───── DATA SUPPLIED ─────

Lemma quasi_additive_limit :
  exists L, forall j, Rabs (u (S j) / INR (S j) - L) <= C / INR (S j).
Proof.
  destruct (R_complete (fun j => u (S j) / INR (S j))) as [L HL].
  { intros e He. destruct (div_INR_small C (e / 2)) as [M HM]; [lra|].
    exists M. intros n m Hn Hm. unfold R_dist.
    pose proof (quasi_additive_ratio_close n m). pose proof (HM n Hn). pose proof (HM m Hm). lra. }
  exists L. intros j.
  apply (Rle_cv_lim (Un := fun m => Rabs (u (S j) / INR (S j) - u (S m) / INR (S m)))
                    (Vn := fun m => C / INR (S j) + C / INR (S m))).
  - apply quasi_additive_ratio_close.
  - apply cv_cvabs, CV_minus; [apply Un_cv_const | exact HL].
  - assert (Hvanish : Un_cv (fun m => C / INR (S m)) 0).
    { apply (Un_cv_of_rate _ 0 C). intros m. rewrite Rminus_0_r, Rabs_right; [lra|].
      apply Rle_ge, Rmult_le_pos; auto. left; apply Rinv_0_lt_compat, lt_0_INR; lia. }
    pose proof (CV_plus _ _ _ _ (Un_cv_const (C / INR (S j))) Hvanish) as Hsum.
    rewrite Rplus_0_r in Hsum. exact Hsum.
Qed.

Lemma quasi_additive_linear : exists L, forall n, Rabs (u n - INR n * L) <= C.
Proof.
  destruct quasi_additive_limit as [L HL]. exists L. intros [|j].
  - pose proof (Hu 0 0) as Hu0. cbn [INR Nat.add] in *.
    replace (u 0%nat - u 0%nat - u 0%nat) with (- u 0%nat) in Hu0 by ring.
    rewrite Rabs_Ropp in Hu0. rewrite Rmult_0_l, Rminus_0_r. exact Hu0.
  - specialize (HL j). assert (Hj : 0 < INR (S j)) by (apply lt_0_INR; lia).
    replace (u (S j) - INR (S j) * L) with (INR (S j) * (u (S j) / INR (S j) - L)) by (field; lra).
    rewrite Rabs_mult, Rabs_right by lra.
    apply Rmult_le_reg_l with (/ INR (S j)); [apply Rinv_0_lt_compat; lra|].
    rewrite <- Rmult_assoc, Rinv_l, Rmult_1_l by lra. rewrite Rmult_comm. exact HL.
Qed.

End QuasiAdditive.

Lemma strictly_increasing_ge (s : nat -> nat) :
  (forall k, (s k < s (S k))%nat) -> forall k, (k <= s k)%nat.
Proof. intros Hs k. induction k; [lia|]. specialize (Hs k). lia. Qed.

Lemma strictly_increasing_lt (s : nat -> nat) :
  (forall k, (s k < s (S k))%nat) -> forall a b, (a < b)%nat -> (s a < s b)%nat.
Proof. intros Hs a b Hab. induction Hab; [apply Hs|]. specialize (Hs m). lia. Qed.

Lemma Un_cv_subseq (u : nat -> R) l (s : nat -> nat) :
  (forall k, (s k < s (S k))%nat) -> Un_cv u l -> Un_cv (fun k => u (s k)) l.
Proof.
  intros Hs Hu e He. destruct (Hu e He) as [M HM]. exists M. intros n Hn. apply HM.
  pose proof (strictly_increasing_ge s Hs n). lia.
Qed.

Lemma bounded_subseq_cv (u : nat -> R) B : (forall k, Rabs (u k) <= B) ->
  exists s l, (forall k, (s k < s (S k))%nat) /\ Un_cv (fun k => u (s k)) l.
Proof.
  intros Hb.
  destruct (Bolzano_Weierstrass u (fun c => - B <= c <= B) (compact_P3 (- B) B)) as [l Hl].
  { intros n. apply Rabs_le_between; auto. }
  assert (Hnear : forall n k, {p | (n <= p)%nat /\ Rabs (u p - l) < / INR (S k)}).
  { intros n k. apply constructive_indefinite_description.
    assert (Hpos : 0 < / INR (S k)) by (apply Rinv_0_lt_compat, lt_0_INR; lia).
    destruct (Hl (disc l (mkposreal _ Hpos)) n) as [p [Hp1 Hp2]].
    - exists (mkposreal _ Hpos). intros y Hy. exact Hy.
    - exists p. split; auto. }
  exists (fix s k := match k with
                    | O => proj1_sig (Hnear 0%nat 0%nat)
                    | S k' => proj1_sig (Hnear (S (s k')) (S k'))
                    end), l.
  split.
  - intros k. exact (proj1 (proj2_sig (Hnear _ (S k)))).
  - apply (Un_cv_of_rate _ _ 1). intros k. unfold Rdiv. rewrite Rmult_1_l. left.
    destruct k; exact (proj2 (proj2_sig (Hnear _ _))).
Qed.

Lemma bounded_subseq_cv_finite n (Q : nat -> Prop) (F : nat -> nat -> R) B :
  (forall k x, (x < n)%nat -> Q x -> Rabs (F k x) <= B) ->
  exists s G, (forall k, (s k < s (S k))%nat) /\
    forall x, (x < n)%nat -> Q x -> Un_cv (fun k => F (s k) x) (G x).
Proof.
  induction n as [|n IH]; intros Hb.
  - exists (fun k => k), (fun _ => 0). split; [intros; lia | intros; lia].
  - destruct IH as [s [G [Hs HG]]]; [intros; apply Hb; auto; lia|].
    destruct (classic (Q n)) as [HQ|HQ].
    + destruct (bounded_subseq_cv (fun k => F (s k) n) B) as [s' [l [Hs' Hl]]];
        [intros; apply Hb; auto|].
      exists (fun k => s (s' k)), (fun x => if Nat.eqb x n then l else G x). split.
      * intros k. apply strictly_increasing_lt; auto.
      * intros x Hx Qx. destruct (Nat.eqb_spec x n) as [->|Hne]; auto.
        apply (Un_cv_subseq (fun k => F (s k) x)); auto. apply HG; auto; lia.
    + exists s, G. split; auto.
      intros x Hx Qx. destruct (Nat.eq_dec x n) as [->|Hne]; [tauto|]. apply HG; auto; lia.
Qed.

─────
───── DATA SUPPLIED ─────

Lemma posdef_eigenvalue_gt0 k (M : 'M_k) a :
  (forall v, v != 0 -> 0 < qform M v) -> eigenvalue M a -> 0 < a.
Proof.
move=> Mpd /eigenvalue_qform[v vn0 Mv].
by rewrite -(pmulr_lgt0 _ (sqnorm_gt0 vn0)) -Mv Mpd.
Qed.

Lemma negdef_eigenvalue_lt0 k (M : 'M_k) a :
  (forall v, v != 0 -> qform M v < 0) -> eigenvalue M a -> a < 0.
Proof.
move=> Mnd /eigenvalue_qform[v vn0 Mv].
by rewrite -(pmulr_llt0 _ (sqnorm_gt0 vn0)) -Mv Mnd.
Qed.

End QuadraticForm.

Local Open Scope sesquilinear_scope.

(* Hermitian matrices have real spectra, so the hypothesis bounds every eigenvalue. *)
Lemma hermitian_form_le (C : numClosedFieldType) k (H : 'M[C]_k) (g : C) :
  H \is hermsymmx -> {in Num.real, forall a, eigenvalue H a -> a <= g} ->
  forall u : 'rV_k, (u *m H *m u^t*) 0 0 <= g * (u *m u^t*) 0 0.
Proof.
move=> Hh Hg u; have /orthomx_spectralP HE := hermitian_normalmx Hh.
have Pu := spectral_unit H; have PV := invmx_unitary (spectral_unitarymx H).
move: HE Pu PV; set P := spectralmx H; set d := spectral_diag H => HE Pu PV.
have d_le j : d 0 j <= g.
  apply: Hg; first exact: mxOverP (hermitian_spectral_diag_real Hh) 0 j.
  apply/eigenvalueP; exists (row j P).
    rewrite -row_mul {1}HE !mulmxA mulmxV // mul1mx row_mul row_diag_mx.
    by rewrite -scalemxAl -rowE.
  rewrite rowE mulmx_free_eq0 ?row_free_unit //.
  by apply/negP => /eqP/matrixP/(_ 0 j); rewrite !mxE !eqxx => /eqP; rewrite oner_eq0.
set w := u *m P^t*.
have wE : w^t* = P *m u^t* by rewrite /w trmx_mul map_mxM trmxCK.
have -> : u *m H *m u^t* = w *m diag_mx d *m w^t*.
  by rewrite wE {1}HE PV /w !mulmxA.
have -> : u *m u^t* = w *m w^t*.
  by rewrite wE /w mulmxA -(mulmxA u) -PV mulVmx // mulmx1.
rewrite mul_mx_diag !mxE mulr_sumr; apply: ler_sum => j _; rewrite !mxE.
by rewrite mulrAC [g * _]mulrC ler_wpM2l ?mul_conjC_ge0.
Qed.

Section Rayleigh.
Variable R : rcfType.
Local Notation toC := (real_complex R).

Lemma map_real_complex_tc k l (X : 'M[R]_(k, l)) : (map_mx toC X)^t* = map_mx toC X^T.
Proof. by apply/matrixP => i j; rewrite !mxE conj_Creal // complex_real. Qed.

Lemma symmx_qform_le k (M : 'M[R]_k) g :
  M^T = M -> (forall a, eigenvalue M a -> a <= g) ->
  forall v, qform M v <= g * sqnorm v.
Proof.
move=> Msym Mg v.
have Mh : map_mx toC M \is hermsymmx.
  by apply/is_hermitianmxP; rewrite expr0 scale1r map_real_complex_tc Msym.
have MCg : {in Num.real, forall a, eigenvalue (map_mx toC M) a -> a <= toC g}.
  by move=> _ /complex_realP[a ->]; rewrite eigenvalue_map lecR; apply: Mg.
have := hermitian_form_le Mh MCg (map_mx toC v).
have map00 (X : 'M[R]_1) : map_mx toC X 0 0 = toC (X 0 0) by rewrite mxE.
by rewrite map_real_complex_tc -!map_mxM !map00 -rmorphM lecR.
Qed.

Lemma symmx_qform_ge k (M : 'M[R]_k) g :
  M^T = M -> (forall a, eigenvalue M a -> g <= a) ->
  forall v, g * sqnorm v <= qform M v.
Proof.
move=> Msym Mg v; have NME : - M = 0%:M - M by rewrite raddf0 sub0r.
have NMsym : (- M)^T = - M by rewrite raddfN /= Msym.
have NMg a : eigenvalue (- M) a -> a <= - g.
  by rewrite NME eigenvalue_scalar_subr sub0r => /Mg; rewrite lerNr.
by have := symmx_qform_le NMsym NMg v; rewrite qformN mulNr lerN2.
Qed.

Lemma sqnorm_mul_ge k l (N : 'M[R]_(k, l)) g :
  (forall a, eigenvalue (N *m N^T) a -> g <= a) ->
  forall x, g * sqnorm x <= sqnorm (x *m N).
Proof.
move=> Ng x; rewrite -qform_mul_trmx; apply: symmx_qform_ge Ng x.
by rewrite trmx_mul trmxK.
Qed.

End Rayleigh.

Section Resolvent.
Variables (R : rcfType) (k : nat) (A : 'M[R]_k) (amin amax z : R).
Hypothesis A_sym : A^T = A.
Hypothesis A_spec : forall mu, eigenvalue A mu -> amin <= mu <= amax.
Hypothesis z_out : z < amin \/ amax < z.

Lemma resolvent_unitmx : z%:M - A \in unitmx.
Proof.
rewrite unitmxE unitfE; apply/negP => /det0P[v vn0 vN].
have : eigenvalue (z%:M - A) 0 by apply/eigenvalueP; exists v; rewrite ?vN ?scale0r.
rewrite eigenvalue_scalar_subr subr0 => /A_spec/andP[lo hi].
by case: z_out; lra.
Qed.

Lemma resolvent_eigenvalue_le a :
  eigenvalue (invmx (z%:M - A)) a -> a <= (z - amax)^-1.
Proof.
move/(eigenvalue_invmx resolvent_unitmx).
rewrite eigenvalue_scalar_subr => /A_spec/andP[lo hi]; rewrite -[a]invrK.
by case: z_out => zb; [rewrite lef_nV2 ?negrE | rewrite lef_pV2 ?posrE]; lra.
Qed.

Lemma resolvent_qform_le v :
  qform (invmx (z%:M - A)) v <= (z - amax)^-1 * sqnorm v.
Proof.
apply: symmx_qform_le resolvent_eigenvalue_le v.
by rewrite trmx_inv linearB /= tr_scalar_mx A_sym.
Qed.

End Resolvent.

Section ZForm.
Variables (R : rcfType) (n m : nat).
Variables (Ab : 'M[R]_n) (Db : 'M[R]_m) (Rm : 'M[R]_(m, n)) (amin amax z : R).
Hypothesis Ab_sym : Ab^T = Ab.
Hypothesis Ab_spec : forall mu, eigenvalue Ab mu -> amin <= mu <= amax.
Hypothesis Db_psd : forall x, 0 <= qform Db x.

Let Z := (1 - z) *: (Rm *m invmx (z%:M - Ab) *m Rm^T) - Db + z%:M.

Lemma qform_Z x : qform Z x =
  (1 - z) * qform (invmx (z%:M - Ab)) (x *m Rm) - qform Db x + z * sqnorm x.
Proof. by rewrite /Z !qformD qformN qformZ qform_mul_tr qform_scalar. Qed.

─────

> **ASSIGNED TASK**
In the entries above, restate word for word the lines between the one holding "M^T = M -> (forall a, eigenvalue M a -> g" and the one holding "Lemma sqnorm_mul_ge k", inclusive, and nothing besides.

> **SOLUTION FOR THIS EXERCISE**
  M^T = M -> (forall a, eigenvalue M a -> g <= a) ->
  forall v, g * sqnorm v <= qform M v.
Proof.
move=> Msym Mg v; have NME : - M = 0%:M - M by rewrite raddf0 sub0r.
have NMsym : (- M)^T = - M by rewrite raddfN /= Msym.
have NMg a : eigenvalue (- M) a -> a <= - g.
  by rewrite NME eigenvalue_scalar_subr sub0r => /Mg; rewrite lerNr.
by have := symmx_qform_le NMsym NMg v; rewrite qformN mulNr lerN2.
Qed.

Lemma sqnorm_mul_ge k l (N : 'M[R]_(k, l)) g :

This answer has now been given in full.